START Exercise material

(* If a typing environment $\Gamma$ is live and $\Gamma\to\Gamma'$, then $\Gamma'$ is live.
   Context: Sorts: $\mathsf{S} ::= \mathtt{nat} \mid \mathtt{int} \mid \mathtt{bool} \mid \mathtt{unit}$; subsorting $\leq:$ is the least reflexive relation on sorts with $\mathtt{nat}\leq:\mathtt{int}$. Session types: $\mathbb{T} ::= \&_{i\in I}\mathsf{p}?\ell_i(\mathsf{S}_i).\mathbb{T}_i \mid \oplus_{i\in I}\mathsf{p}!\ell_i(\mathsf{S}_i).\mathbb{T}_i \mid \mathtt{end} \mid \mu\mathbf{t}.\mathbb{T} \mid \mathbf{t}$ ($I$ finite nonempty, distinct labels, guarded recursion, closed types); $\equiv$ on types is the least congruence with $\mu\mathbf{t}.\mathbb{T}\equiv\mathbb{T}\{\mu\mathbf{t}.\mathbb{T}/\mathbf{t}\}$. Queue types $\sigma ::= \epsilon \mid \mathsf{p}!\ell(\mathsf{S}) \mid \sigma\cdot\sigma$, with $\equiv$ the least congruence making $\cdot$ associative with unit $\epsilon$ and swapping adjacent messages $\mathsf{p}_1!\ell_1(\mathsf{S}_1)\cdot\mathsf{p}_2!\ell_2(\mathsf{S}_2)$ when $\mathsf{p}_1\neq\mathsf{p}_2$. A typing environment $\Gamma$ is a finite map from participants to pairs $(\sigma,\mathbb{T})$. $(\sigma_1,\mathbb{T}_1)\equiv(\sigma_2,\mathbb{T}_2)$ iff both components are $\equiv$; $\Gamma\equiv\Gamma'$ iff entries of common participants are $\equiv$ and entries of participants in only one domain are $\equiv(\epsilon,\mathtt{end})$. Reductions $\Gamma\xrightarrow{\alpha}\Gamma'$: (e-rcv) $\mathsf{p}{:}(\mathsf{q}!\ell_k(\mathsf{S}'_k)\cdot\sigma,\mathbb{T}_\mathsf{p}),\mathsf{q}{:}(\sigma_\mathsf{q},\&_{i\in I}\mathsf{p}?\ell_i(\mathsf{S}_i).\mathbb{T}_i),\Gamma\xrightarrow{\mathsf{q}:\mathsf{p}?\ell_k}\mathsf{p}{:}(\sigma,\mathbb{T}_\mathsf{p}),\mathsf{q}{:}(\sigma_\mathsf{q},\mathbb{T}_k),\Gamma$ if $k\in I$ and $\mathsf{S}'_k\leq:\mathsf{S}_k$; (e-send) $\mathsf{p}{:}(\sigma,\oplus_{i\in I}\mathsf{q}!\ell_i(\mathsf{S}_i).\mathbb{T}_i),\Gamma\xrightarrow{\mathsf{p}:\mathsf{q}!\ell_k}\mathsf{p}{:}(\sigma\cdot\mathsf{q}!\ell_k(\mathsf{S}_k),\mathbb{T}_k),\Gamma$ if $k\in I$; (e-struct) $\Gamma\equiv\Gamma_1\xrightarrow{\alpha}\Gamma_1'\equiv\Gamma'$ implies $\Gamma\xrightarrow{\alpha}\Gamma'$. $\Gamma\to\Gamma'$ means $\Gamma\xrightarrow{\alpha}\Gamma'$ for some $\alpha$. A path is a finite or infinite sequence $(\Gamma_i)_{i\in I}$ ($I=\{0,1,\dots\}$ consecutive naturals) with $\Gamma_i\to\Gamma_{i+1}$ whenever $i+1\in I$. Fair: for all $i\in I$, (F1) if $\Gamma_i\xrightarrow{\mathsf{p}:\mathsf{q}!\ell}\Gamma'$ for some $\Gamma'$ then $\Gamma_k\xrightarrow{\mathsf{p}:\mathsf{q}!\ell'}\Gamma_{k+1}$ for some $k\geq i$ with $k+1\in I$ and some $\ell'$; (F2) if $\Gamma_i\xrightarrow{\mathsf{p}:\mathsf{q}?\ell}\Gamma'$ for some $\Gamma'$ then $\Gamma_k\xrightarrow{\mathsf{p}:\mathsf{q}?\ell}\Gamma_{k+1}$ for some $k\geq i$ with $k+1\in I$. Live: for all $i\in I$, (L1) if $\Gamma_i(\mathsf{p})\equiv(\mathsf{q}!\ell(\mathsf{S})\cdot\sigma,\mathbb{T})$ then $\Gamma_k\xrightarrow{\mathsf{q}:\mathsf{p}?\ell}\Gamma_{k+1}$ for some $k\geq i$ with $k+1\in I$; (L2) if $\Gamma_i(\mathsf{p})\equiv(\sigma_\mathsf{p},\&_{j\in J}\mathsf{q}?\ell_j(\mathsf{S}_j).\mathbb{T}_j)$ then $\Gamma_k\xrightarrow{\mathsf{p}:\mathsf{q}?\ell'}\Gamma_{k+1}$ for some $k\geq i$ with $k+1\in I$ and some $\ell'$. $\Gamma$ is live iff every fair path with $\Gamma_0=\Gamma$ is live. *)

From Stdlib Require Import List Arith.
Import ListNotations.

END Exercise material
START Exercise material

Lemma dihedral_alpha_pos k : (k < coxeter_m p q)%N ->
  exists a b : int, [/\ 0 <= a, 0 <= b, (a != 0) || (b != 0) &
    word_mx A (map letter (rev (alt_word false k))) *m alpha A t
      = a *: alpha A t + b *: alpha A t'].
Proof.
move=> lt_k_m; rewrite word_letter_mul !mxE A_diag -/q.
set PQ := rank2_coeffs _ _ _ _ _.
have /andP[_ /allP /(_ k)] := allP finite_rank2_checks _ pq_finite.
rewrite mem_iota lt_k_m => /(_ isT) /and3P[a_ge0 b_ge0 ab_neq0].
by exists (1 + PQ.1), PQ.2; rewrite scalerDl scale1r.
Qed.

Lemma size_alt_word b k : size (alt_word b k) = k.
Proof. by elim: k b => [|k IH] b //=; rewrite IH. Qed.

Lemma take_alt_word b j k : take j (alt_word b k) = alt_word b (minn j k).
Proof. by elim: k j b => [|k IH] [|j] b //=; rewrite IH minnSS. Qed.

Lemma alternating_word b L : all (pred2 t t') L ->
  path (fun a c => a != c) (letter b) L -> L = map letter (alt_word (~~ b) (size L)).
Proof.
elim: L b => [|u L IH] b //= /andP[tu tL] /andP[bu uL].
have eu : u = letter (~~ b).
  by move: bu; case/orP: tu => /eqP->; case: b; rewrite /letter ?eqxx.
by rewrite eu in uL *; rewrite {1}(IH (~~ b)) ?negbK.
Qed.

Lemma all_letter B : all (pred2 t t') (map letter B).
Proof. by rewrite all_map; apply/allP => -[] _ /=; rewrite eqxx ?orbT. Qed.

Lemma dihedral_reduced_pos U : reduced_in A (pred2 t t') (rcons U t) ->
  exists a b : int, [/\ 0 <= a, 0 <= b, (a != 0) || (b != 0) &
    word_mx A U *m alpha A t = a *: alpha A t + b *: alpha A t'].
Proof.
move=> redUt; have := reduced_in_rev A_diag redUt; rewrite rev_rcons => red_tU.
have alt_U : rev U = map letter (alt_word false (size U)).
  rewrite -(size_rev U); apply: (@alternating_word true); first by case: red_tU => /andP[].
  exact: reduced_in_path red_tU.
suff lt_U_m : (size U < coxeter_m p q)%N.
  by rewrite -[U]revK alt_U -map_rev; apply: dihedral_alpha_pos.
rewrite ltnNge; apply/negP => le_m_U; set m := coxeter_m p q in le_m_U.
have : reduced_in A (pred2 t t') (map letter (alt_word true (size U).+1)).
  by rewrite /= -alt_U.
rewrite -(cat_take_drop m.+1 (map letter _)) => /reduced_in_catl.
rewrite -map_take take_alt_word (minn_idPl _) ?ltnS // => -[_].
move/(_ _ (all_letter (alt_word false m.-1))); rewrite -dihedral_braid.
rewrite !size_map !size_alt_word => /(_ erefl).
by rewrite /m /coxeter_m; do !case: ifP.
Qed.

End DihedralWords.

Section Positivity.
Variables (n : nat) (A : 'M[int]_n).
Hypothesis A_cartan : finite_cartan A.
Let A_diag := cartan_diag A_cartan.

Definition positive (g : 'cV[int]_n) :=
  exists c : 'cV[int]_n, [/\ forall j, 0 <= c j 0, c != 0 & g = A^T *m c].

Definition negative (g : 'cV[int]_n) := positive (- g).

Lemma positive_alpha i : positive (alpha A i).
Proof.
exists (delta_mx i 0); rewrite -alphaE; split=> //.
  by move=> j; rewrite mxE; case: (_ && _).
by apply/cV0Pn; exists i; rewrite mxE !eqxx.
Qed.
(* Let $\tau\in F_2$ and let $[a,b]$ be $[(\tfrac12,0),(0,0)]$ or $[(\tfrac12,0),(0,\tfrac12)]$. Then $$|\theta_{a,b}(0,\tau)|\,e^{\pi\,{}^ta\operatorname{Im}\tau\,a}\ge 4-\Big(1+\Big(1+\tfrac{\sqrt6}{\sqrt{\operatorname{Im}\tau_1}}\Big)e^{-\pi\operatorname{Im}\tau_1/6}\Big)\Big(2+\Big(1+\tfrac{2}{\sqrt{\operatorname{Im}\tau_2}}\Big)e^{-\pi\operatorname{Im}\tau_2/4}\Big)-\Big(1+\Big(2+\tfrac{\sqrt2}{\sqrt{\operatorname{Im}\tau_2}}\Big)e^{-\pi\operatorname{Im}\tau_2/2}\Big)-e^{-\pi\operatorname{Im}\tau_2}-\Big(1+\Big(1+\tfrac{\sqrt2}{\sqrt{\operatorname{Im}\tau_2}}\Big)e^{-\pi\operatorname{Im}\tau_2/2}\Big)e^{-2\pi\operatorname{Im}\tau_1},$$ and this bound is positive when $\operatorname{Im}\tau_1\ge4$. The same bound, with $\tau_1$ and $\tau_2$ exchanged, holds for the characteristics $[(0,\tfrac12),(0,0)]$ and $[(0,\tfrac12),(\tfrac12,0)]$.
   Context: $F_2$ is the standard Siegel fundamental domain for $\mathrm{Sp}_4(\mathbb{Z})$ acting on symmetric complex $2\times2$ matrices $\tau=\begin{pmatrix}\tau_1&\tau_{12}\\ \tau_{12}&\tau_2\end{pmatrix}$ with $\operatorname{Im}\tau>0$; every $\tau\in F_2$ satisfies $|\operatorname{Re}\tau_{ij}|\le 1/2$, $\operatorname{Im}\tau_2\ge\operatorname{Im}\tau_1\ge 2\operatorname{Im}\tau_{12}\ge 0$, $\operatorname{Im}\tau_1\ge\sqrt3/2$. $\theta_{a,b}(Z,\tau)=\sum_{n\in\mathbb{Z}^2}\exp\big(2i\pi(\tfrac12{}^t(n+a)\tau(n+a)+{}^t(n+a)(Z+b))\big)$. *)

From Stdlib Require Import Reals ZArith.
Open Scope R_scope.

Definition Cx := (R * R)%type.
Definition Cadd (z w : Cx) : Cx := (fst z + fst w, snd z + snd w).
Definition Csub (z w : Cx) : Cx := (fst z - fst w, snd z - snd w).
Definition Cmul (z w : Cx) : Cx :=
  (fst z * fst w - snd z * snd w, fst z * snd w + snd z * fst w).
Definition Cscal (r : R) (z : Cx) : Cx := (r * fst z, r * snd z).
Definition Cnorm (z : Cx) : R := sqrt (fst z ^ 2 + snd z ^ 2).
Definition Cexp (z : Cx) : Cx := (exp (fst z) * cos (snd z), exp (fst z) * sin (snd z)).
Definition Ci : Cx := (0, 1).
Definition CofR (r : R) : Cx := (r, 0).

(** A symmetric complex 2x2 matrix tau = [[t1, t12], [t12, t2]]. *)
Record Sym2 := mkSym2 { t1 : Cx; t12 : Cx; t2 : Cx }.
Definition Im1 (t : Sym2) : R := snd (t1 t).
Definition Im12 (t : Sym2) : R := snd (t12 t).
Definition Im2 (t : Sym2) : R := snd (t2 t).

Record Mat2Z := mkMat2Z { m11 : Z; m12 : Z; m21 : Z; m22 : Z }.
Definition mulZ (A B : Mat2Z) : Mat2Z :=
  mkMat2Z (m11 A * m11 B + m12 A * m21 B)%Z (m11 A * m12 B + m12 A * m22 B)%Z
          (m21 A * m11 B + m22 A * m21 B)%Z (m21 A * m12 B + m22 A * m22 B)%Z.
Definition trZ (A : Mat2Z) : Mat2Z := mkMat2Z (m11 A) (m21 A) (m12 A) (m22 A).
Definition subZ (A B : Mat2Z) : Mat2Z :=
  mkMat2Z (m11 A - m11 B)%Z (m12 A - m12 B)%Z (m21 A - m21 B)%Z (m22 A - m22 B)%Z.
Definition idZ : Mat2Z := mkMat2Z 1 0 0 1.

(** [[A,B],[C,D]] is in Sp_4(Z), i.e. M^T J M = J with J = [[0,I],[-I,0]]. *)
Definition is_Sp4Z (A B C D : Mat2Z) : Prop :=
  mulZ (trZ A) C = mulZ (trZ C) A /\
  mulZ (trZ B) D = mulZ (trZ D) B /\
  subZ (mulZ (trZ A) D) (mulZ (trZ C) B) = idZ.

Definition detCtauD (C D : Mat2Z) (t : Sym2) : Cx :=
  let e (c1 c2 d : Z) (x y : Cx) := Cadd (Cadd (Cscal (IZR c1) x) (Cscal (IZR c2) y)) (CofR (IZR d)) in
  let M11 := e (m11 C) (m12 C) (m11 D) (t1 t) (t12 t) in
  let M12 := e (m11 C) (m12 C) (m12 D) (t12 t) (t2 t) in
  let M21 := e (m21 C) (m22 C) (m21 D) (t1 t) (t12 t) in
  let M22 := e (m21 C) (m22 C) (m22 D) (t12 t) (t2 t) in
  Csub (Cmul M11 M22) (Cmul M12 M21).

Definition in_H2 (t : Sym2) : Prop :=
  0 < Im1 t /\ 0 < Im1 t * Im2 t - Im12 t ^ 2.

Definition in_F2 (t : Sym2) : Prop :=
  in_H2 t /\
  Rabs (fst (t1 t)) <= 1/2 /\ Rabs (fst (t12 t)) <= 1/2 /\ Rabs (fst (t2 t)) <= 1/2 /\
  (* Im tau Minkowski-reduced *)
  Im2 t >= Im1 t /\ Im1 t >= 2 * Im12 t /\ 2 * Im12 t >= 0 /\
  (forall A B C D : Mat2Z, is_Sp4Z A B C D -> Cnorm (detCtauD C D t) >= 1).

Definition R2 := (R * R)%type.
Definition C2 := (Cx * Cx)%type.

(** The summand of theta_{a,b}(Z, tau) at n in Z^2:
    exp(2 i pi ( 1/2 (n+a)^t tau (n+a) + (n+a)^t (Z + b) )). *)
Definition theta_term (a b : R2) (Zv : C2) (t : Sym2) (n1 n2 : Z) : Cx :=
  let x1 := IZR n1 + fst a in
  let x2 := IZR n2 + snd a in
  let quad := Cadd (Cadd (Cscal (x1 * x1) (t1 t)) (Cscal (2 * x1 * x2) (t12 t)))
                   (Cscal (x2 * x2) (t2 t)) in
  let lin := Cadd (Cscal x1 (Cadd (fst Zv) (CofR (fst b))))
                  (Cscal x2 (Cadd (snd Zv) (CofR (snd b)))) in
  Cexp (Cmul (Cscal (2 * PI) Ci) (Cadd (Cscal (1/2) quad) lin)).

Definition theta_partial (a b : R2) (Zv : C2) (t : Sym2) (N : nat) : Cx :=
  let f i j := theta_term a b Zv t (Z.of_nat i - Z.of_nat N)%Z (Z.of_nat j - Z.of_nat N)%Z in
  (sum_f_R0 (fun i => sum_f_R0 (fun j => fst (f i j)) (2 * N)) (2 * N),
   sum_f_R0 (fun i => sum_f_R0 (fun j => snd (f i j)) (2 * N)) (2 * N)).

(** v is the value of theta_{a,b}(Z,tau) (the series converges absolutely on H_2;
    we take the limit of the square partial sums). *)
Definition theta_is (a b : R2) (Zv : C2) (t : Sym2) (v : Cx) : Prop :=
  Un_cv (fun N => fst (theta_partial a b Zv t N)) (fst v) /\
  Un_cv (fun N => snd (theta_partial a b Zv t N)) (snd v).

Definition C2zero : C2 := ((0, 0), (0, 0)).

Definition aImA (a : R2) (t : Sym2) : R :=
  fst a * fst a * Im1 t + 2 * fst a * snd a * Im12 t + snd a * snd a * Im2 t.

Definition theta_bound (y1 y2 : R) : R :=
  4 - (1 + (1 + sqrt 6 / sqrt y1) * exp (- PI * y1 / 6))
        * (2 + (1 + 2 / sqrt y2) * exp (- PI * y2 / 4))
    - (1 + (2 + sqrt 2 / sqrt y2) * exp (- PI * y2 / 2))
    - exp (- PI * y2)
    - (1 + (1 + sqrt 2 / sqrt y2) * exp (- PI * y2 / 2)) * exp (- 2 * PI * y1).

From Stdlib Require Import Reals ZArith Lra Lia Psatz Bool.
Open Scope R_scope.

END Exercise material
START Exercise material

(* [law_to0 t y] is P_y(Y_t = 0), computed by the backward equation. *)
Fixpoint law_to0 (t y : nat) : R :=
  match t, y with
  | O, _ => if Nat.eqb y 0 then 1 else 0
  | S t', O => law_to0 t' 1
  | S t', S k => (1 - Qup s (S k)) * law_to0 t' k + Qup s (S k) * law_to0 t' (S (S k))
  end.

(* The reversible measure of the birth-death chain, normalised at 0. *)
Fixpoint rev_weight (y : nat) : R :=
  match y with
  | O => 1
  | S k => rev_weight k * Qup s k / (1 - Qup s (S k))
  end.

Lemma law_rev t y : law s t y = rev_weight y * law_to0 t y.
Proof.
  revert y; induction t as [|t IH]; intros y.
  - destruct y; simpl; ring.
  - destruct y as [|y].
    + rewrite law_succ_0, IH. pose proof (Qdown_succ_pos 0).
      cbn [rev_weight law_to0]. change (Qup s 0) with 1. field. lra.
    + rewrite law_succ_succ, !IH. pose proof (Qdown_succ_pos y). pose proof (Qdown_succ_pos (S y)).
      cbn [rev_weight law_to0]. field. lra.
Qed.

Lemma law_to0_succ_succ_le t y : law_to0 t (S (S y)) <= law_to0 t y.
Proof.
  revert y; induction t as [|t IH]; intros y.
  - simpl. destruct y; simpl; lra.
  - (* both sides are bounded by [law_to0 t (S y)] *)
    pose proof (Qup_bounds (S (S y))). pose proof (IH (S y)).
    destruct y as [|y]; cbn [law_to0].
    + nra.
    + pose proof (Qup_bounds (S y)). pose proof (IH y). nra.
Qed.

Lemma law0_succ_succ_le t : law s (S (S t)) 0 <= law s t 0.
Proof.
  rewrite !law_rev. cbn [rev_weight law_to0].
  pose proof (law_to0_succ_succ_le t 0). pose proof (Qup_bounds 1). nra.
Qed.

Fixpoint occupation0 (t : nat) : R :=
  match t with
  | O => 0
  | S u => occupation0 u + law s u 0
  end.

END Exercise material

*Task requirements*.
Within the data above, the span starting at the line containing "rewrite -(cat_take_drop m.+1" and ending at the line containing "Variables (n : nat) (A : 'M[int]_n)." is to be retyped exactly, with no other lines.

*Task answer*.
rewrite -(cat_take_drop m.+1 (map letter _)) => /reduced_in_catl.
rewrite -map_take take_alt_word (minn_idPl _) ?ltnS // => -[_].
move/(_ _ (all_letter (alt_word false m.-1))); rewrite -dihedral_braid.
rewrite !size_map !size_alt_word => /(_ erefl).
by rewrite /m /coxeter_m; do !case: ifP.
Qed.

End DihedralWords.

Section Positivity.
Variables (n : nat) (A : 'M[int]_n).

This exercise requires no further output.